• **About this exercise**:
Please quote exactly the lines below from the line containing "have [E E0 apow_z0] := model_apowE z0." to the line containing "Hypothesis Apres : is_OSUq2 q a b c d.", both lines included, and nothing else.

── Data provided

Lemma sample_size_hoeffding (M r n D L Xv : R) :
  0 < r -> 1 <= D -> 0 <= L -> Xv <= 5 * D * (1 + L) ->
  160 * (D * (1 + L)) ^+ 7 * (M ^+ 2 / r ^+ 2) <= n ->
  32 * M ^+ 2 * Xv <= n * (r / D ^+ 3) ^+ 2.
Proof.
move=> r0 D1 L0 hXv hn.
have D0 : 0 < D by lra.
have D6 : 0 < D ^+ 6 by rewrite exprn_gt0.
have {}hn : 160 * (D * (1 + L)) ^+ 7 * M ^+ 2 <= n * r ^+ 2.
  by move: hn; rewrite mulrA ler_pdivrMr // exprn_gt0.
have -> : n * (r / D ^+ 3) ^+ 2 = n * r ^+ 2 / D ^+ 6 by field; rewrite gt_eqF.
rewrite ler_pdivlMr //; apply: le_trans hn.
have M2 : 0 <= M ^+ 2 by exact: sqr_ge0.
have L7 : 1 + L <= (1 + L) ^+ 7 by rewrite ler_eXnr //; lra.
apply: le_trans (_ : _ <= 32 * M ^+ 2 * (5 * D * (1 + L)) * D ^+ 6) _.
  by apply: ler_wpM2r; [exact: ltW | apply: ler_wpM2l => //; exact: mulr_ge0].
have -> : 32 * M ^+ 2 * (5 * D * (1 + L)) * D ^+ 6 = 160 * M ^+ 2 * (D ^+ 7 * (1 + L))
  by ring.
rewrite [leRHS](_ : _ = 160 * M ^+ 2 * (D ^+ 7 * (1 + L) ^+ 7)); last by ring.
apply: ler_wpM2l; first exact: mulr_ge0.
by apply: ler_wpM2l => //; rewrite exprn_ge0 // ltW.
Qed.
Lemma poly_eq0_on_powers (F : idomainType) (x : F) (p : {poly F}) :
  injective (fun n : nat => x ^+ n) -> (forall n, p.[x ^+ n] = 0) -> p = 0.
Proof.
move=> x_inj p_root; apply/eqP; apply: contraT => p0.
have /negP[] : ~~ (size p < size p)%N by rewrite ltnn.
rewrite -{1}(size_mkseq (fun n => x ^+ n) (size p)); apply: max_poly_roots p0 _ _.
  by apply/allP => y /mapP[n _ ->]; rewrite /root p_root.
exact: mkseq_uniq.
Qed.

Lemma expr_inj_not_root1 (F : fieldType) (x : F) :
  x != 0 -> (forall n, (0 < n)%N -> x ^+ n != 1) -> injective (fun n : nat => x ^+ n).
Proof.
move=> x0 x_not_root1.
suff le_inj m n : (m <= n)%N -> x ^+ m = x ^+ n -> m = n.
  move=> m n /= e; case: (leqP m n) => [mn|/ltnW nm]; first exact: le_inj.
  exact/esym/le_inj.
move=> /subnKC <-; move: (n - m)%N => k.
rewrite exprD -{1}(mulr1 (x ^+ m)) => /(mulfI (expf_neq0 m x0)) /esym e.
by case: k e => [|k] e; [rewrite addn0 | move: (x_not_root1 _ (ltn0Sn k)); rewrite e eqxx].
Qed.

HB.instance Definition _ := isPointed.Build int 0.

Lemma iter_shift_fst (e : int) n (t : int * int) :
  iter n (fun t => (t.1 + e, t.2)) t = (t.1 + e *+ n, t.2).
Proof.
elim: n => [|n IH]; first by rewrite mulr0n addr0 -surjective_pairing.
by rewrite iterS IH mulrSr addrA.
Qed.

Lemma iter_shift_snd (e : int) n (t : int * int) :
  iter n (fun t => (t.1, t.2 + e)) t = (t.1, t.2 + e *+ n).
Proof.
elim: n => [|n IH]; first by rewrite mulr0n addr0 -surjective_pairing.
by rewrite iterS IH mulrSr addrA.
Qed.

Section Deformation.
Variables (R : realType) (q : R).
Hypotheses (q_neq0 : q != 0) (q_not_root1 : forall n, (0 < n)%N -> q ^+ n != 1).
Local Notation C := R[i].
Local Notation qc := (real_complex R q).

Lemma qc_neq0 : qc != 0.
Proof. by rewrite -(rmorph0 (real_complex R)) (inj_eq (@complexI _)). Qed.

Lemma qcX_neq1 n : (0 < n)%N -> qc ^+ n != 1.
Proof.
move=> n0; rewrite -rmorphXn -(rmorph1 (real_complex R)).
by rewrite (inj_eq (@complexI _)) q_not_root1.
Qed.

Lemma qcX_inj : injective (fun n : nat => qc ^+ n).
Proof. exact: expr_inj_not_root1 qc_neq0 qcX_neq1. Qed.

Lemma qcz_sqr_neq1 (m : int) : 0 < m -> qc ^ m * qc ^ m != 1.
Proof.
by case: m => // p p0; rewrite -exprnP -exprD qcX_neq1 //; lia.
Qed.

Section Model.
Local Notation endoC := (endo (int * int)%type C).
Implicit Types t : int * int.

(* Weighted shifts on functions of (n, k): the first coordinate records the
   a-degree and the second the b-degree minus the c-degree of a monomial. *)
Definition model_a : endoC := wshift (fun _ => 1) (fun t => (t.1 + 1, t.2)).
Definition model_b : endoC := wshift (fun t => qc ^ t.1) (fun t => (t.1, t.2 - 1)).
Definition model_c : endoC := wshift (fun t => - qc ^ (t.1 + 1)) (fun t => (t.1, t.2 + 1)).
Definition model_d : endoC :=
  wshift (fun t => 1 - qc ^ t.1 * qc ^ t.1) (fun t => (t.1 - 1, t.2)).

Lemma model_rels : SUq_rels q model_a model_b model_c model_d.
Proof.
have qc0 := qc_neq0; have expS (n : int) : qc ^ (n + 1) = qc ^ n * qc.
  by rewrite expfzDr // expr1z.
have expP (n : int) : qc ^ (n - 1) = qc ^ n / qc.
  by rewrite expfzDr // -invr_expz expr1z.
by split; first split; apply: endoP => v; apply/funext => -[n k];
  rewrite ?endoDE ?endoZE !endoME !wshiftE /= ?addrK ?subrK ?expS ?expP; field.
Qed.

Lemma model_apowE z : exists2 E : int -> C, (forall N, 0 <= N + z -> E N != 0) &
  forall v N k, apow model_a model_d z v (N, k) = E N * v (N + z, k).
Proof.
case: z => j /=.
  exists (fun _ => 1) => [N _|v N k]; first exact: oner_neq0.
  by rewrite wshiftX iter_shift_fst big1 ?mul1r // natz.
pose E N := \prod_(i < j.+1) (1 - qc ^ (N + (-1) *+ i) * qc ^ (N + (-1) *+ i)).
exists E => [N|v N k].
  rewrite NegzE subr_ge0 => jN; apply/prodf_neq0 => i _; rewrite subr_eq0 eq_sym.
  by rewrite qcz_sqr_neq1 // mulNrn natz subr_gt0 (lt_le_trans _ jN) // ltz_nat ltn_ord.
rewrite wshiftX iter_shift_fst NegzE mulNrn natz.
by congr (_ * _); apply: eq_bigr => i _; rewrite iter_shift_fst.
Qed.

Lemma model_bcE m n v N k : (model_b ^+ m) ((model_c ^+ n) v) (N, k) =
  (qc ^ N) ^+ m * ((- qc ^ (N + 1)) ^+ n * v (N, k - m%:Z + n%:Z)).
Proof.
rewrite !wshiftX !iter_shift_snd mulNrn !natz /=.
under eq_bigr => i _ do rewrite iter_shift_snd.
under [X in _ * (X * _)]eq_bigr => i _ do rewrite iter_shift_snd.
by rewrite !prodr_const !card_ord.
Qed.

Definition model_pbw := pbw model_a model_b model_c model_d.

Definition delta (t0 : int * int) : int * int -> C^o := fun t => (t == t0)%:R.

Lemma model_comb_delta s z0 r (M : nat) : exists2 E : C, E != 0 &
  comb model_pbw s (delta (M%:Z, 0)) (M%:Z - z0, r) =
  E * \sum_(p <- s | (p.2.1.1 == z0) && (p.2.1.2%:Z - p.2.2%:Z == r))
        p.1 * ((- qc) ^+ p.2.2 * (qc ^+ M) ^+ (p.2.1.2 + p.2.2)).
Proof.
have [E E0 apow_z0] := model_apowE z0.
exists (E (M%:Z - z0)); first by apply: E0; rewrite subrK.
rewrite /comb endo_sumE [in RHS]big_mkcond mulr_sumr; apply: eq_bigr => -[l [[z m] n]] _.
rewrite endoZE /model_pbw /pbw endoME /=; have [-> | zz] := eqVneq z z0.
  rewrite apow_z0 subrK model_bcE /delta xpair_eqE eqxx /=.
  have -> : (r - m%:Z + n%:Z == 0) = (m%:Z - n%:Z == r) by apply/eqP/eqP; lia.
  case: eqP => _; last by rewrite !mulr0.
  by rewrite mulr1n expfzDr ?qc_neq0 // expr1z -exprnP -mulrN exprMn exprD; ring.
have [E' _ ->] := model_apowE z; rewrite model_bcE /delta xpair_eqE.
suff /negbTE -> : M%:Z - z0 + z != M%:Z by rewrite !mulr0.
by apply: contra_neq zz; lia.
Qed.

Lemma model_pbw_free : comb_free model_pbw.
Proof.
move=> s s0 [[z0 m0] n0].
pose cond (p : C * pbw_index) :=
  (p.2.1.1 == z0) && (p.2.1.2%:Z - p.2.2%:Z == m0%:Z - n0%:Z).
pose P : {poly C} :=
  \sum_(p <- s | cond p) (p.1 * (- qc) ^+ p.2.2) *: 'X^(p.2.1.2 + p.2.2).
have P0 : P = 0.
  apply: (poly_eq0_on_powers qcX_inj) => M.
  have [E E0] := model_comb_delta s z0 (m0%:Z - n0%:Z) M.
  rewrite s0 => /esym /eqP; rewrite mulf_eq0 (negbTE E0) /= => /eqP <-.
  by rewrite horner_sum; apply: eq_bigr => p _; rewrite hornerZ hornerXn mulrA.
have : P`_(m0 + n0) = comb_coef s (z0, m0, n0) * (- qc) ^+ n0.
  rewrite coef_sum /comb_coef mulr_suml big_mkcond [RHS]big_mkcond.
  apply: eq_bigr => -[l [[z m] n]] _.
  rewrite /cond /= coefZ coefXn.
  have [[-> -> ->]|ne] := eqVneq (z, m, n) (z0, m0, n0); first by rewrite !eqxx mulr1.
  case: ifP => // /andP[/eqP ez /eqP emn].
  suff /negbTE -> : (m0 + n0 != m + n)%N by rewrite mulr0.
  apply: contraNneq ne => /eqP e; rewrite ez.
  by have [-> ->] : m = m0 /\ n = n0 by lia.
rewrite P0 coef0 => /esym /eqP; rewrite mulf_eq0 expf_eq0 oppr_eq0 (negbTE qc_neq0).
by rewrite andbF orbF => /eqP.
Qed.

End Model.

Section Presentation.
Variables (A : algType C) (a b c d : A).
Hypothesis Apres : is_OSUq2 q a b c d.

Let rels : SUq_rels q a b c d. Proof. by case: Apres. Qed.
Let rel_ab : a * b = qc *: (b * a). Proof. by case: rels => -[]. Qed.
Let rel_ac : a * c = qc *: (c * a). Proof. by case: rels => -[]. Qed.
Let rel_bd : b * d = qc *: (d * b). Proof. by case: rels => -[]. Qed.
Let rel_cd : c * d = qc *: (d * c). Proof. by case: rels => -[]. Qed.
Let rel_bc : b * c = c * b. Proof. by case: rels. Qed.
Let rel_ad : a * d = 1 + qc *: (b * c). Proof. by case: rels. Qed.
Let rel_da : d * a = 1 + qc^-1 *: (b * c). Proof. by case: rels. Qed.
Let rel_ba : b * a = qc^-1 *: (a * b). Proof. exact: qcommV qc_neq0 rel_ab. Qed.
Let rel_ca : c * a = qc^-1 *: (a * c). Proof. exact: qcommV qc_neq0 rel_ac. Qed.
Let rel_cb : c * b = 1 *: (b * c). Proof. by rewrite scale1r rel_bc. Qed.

────
── Data provided

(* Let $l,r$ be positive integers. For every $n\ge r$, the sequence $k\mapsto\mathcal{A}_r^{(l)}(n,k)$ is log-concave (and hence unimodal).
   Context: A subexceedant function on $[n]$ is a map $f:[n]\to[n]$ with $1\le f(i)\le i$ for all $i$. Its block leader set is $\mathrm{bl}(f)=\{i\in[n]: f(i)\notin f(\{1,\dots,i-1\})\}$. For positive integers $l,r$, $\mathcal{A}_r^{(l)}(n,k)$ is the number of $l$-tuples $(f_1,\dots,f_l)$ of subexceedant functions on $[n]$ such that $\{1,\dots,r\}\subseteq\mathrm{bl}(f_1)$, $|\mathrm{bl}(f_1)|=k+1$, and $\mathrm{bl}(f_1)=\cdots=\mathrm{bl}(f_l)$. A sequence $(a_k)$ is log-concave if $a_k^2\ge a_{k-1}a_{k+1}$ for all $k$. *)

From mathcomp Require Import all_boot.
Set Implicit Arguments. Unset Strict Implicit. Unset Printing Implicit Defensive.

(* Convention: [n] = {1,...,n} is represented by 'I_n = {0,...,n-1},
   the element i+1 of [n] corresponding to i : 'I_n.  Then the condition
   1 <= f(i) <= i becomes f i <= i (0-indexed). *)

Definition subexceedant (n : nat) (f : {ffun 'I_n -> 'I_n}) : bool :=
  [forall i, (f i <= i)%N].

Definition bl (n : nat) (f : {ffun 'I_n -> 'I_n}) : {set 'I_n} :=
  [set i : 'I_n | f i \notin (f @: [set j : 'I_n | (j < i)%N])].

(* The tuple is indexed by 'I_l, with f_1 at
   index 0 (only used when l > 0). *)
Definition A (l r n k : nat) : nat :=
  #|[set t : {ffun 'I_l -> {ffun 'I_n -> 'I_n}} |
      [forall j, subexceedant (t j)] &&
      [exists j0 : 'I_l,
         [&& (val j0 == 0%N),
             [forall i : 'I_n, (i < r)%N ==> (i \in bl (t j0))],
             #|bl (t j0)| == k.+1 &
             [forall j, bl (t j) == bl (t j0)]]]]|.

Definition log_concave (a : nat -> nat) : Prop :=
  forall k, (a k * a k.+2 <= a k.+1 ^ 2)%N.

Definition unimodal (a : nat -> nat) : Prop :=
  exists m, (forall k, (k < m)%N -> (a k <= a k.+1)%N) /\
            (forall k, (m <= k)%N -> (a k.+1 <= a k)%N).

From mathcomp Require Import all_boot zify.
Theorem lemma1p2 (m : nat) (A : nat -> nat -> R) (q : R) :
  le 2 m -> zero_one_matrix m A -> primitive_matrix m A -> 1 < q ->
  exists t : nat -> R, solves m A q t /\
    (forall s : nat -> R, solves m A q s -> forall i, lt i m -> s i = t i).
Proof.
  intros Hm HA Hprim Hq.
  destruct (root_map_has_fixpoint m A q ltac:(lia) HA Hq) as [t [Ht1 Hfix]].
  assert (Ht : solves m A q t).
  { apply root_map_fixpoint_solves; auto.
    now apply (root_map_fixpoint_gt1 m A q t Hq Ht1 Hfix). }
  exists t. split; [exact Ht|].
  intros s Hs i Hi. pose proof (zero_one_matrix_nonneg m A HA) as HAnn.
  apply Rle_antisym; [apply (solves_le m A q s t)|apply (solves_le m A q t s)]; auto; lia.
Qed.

────

• **Result**:
have [E E0 apow_z0] := model_apowE z0.
exists (E (M%:Z - z0)); first by apply: E0; rewrite subrK.
rewrite /comb endo_sumE [in RHS]big_mkcond mulr_sumr; apply: eq_bigr => -[l [[z m] n]] _.
rewrite endoZE /model_pbw /pbw endoME /=; have [-> | zz] := eqVneq z z0.
  rewrite apow_z0 subrK model_bcE /delta xpair_eqE eqxx /=.
  have -> : (r - m%:Z + n%:Z == 0) = (m%:Z - n%:Z == r) by apply/eqP/eqP; lia.
  case: eqP => _; last by rewrite !mulr0.
  by rewrite mulr1n expfzDr ?qc_neq0 // expr1z -exprnP -mulrN exprMn exprD; ring.
have [E' _ ->] := model_apowE z; rewrite model_bcE /delta xpair_eqE.
suff /negbTE -> : M%:Z - z0 + z != M%:Z by rewrite !mulr0.
by apply: contra_neq zz; lia.
Qed.

Lemma model_pbw_free : comb_free model_pbw.
Proof.
move=> s s0 [[z0 m0] n0].
pose cond (p : C * pbw_index) :=
  (p.2.1.1 == z0) && (p.2.1.2%:Z - p.2.2%:Z == m0%:Z - n0%:Z).
pose P : {poly C} :=
  \sum_(p <- s | cond p) (p.1 * (- qc) ^+ p.2.2) *: 'X^(p.2.1.2 + p.2.2).
have P0 : P = 0.
  apply: (poly_eq0_on_powers qcX_inj) => M.
  have [E E0] := model_comb_delta s z0 (m0%:Z - n0%:Z) M.
  rewrite s0 => /esym /eqP; rewrite mulf_eq0 (negbTE E0) /= => /eqP <-.
  by rewrite horner_sum; apply: eq_bigr => p _; rewrite hornerZ hornerXn mulrA.
have : P`_(m0 + n0) = comb_coef s (z0, m0, n0) * (- qc) ^+ n0.
  rewrite coef_sum /comb_coef mulr_suml big_mkcond [RHS]big_mkcond.
  apply: eq_bigr => -[l [[z m] n]] _.
  rewrite /cond /= coefZ coefXn.
  have [[-> -> ->]|ne] := eqVneq (z, m, n) (z0, m0, n0); first by rewrite !eqxx mulr1.
  case: ifP => // /andP[/eqP ez /eqP emn].
  suff /negbTE -> : (m0 + n0 != m + n)%N by rewrite mulr0.
  apply: contraNneq ne => /eqP e; rewrite ez.
  by have [-> ->] : m = m0 /\ n = n0 by lia.
rewrite P0 coef0 => /esym /eqP; rewrite mulf_eq0 expf_eq0 oppr_eq0 (negbTE qc_neq0).
by rewrite andbF orbF => /eqP.
Qed.

End Model.

Section Presentation.
Variables (A : algType C) (a b c d : A).
Hypothesis Apres : is_OSUq2 q a b c d.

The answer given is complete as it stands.